#### EXERCISE DESCRIPTION:
Starting at the line that has "rewrite (_ : 2" and stopping after the line that has "(* v_k is determined", reproduce the listing below exactly; omit everything else.

THE DATA section start

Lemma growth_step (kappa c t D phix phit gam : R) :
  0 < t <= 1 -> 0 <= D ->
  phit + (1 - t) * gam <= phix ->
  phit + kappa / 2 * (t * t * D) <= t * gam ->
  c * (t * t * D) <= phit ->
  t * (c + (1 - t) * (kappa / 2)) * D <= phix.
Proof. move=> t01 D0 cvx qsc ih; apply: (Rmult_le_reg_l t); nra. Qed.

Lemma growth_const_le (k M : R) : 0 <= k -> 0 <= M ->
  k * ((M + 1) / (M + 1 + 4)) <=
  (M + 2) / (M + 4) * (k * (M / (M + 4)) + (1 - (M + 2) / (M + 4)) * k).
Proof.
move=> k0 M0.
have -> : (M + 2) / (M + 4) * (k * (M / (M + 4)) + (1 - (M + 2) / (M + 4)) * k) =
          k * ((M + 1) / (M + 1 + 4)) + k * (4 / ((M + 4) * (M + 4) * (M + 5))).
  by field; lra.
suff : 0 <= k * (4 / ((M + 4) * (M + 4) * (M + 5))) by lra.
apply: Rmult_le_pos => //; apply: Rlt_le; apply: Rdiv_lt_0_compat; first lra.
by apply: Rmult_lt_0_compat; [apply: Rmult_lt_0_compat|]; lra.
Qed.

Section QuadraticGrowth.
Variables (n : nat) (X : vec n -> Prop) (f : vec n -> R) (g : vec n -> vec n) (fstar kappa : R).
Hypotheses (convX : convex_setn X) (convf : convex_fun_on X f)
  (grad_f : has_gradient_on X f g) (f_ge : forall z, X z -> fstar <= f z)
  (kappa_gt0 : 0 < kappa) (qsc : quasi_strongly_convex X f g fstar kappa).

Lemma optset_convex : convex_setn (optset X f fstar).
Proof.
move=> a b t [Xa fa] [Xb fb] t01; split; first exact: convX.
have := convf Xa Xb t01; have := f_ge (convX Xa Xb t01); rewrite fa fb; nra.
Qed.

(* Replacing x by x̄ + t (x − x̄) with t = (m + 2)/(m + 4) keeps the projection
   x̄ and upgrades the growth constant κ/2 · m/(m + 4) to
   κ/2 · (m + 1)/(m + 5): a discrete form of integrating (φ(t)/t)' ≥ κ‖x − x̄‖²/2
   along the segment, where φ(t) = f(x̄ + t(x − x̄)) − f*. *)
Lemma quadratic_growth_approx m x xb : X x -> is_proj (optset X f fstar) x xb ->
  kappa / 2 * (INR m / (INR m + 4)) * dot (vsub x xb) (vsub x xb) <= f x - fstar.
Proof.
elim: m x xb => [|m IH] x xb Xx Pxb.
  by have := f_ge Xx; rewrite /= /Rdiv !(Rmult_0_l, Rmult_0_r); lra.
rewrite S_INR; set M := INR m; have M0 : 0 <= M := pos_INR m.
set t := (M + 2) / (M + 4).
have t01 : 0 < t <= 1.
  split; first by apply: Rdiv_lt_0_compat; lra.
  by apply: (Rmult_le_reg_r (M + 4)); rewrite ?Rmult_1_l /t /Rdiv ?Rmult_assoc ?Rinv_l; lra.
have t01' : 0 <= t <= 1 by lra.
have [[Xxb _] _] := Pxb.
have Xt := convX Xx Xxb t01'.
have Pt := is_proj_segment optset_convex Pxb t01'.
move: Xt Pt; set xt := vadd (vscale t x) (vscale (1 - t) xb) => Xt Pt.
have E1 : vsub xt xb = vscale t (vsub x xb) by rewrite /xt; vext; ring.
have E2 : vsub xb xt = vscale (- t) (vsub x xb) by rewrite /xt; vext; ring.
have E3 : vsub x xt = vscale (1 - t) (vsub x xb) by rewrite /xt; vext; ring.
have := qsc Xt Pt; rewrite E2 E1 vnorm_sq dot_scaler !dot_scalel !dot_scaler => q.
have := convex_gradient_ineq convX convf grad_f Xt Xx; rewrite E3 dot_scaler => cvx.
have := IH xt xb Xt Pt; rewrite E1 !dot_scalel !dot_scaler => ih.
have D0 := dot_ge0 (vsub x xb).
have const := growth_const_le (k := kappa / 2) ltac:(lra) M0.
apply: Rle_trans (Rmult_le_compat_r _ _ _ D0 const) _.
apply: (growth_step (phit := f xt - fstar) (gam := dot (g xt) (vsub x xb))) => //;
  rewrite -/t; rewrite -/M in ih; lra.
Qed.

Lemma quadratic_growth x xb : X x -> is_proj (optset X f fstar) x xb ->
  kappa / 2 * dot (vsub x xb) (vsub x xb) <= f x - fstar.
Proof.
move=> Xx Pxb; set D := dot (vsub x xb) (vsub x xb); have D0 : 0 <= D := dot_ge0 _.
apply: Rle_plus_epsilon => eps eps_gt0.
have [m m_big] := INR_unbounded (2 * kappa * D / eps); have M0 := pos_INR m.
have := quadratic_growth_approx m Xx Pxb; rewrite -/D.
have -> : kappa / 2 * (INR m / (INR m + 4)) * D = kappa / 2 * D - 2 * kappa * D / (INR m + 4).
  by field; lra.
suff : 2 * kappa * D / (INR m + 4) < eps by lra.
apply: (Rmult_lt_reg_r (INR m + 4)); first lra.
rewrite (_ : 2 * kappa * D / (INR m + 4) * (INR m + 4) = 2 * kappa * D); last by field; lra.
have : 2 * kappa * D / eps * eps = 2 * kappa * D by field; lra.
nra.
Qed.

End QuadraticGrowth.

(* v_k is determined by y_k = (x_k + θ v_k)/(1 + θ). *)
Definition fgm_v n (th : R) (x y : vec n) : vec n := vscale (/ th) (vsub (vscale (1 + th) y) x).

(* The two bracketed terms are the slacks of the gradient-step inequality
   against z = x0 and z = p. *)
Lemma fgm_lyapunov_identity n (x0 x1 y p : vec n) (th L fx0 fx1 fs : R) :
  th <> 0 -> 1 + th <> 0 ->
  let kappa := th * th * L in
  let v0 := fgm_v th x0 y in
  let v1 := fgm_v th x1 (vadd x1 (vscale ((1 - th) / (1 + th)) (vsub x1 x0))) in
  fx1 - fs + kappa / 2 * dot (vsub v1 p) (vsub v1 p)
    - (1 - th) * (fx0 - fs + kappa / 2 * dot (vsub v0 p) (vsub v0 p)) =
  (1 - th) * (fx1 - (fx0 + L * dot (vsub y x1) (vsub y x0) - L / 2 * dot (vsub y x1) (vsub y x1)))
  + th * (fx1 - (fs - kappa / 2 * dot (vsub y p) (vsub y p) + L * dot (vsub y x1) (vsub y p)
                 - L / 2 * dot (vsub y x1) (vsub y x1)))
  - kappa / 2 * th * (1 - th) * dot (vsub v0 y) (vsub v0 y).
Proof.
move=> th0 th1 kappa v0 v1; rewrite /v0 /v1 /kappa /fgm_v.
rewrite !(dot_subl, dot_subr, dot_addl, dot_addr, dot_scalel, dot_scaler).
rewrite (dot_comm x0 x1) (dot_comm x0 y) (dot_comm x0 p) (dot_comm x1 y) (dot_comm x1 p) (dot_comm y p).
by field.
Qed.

THE DATA section end
THE DATA section start

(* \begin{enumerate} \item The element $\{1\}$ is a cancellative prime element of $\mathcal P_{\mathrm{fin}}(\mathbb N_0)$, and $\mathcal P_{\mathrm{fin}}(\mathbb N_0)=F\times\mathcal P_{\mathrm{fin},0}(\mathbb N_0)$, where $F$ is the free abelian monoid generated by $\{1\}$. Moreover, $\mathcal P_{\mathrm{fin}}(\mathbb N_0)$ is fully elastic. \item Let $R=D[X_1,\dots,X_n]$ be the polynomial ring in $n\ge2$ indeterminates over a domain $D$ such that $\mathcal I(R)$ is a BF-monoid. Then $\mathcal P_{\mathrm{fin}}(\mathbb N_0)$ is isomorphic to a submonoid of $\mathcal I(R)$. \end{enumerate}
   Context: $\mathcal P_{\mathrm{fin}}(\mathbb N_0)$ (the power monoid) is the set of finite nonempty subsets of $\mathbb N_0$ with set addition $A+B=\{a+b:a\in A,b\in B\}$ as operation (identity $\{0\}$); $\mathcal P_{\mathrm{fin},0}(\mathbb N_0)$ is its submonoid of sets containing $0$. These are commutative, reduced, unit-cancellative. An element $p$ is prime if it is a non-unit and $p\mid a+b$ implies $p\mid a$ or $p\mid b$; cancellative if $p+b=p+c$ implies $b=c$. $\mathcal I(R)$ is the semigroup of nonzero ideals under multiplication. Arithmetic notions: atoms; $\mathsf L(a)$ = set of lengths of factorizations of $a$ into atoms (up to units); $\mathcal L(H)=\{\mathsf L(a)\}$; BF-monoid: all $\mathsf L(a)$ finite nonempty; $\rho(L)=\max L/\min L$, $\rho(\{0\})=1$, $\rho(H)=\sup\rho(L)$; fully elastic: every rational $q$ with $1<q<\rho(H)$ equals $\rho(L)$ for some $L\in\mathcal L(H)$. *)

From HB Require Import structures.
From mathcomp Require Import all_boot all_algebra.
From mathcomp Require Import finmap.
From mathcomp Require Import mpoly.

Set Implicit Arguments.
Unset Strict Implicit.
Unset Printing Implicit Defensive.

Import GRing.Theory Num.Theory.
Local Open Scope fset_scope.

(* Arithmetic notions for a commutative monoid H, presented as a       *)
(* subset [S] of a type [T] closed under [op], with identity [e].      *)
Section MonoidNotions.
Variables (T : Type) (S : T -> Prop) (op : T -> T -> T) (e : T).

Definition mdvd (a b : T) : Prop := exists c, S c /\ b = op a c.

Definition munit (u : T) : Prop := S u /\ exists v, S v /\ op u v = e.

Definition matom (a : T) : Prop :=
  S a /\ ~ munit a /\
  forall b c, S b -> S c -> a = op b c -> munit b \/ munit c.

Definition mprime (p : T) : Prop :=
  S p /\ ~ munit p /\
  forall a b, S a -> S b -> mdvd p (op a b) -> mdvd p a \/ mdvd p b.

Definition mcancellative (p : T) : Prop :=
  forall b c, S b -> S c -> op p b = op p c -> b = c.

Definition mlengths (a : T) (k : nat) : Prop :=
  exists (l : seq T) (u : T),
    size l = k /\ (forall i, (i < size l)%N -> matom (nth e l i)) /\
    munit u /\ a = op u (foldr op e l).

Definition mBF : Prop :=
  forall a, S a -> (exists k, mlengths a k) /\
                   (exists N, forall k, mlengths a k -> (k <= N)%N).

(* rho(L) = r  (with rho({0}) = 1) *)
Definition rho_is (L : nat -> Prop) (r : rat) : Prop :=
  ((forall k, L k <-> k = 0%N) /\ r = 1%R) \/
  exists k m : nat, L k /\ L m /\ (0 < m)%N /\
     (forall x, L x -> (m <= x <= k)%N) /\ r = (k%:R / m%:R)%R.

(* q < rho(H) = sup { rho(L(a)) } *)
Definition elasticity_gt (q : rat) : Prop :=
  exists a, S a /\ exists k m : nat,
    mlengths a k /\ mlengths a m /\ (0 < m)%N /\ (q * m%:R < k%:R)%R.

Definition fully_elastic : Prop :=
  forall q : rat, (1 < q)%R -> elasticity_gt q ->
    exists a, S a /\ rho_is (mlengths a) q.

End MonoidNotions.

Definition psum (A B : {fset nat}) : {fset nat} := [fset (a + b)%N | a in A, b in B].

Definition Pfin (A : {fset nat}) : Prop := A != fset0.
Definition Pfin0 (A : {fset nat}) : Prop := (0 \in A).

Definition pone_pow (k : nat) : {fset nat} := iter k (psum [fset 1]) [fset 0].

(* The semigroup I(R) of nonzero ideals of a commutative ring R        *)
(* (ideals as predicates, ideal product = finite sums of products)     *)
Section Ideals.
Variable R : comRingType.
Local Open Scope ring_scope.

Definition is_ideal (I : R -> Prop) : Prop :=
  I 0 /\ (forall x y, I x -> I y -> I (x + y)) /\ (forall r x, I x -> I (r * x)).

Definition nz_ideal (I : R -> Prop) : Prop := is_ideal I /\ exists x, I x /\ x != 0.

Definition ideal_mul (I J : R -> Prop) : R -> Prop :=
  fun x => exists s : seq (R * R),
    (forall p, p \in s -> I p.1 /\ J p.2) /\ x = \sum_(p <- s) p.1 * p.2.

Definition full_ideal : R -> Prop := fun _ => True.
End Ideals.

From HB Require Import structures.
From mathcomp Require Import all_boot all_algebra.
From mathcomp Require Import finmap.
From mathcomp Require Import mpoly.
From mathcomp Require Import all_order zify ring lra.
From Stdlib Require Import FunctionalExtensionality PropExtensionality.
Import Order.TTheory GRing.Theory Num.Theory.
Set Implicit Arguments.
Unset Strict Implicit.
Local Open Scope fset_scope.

THE DATA section end
THE DATA section start

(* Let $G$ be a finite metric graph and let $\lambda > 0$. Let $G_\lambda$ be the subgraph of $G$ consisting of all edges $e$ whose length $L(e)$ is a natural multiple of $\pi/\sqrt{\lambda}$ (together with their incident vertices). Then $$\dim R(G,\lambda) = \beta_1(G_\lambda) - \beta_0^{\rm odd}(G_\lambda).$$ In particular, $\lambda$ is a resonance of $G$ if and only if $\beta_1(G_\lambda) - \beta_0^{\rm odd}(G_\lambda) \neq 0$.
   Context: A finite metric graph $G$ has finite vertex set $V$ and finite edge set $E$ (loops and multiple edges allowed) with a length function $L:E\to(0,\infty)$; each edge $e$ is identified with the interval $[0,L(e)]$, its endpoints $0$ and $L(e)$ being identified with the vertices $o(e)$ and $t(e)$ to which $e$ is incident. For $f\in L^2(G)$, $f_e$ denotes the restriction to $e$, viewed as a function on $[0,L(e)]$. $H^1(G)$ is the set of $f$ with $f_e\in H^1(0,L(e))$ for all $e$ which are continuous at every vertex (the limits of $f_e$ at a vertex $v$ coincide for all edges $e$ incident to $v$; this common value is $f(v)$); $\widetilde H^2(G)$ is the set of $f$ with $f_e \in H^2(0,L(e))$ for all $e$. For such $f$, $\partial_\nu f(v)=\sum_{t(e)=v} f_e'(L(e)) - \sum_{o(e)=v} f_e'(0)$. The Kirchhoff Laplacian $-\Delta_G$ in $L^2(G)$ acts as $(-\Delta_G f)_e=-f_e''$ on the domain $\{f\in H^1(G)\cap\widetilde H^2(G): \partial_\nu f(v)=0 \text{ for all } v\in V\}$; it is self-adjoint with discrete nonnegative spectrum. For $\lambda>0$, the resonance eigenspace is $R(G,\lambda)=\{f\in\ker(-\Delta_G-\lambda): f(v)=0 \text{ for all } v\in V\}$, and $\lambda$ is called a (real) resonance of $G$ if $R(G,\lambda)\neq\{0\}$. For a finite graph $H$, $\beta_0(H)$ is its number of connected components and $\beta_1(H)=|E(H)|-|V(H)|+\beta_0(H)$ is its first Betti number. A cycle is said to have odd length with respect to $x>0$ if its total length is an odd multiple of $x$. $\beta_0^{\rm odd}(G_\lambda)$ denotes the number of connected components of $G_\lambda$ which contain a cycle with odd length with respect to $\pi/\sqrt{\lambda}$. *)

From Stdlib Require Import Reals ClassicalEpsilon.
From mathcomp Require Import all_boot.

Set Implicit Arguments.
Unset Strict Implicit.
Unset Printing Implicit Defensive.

THE DATA section end

#### ANSWER TO THIS EXERCISE:
rewrite (_ : 2 * kappa * D / (INR m + 4) * (INR m + 4) = 2 * kappa * D); last by field; lra.
have : 2 * kappa * D / eps * eps = 2 * kappa * D by field; lra.
nra.
Qed.

End QuadraticGrowth.

(* v_k is determined by y_k = (x_k + θ v_k)/(1 + θ). *)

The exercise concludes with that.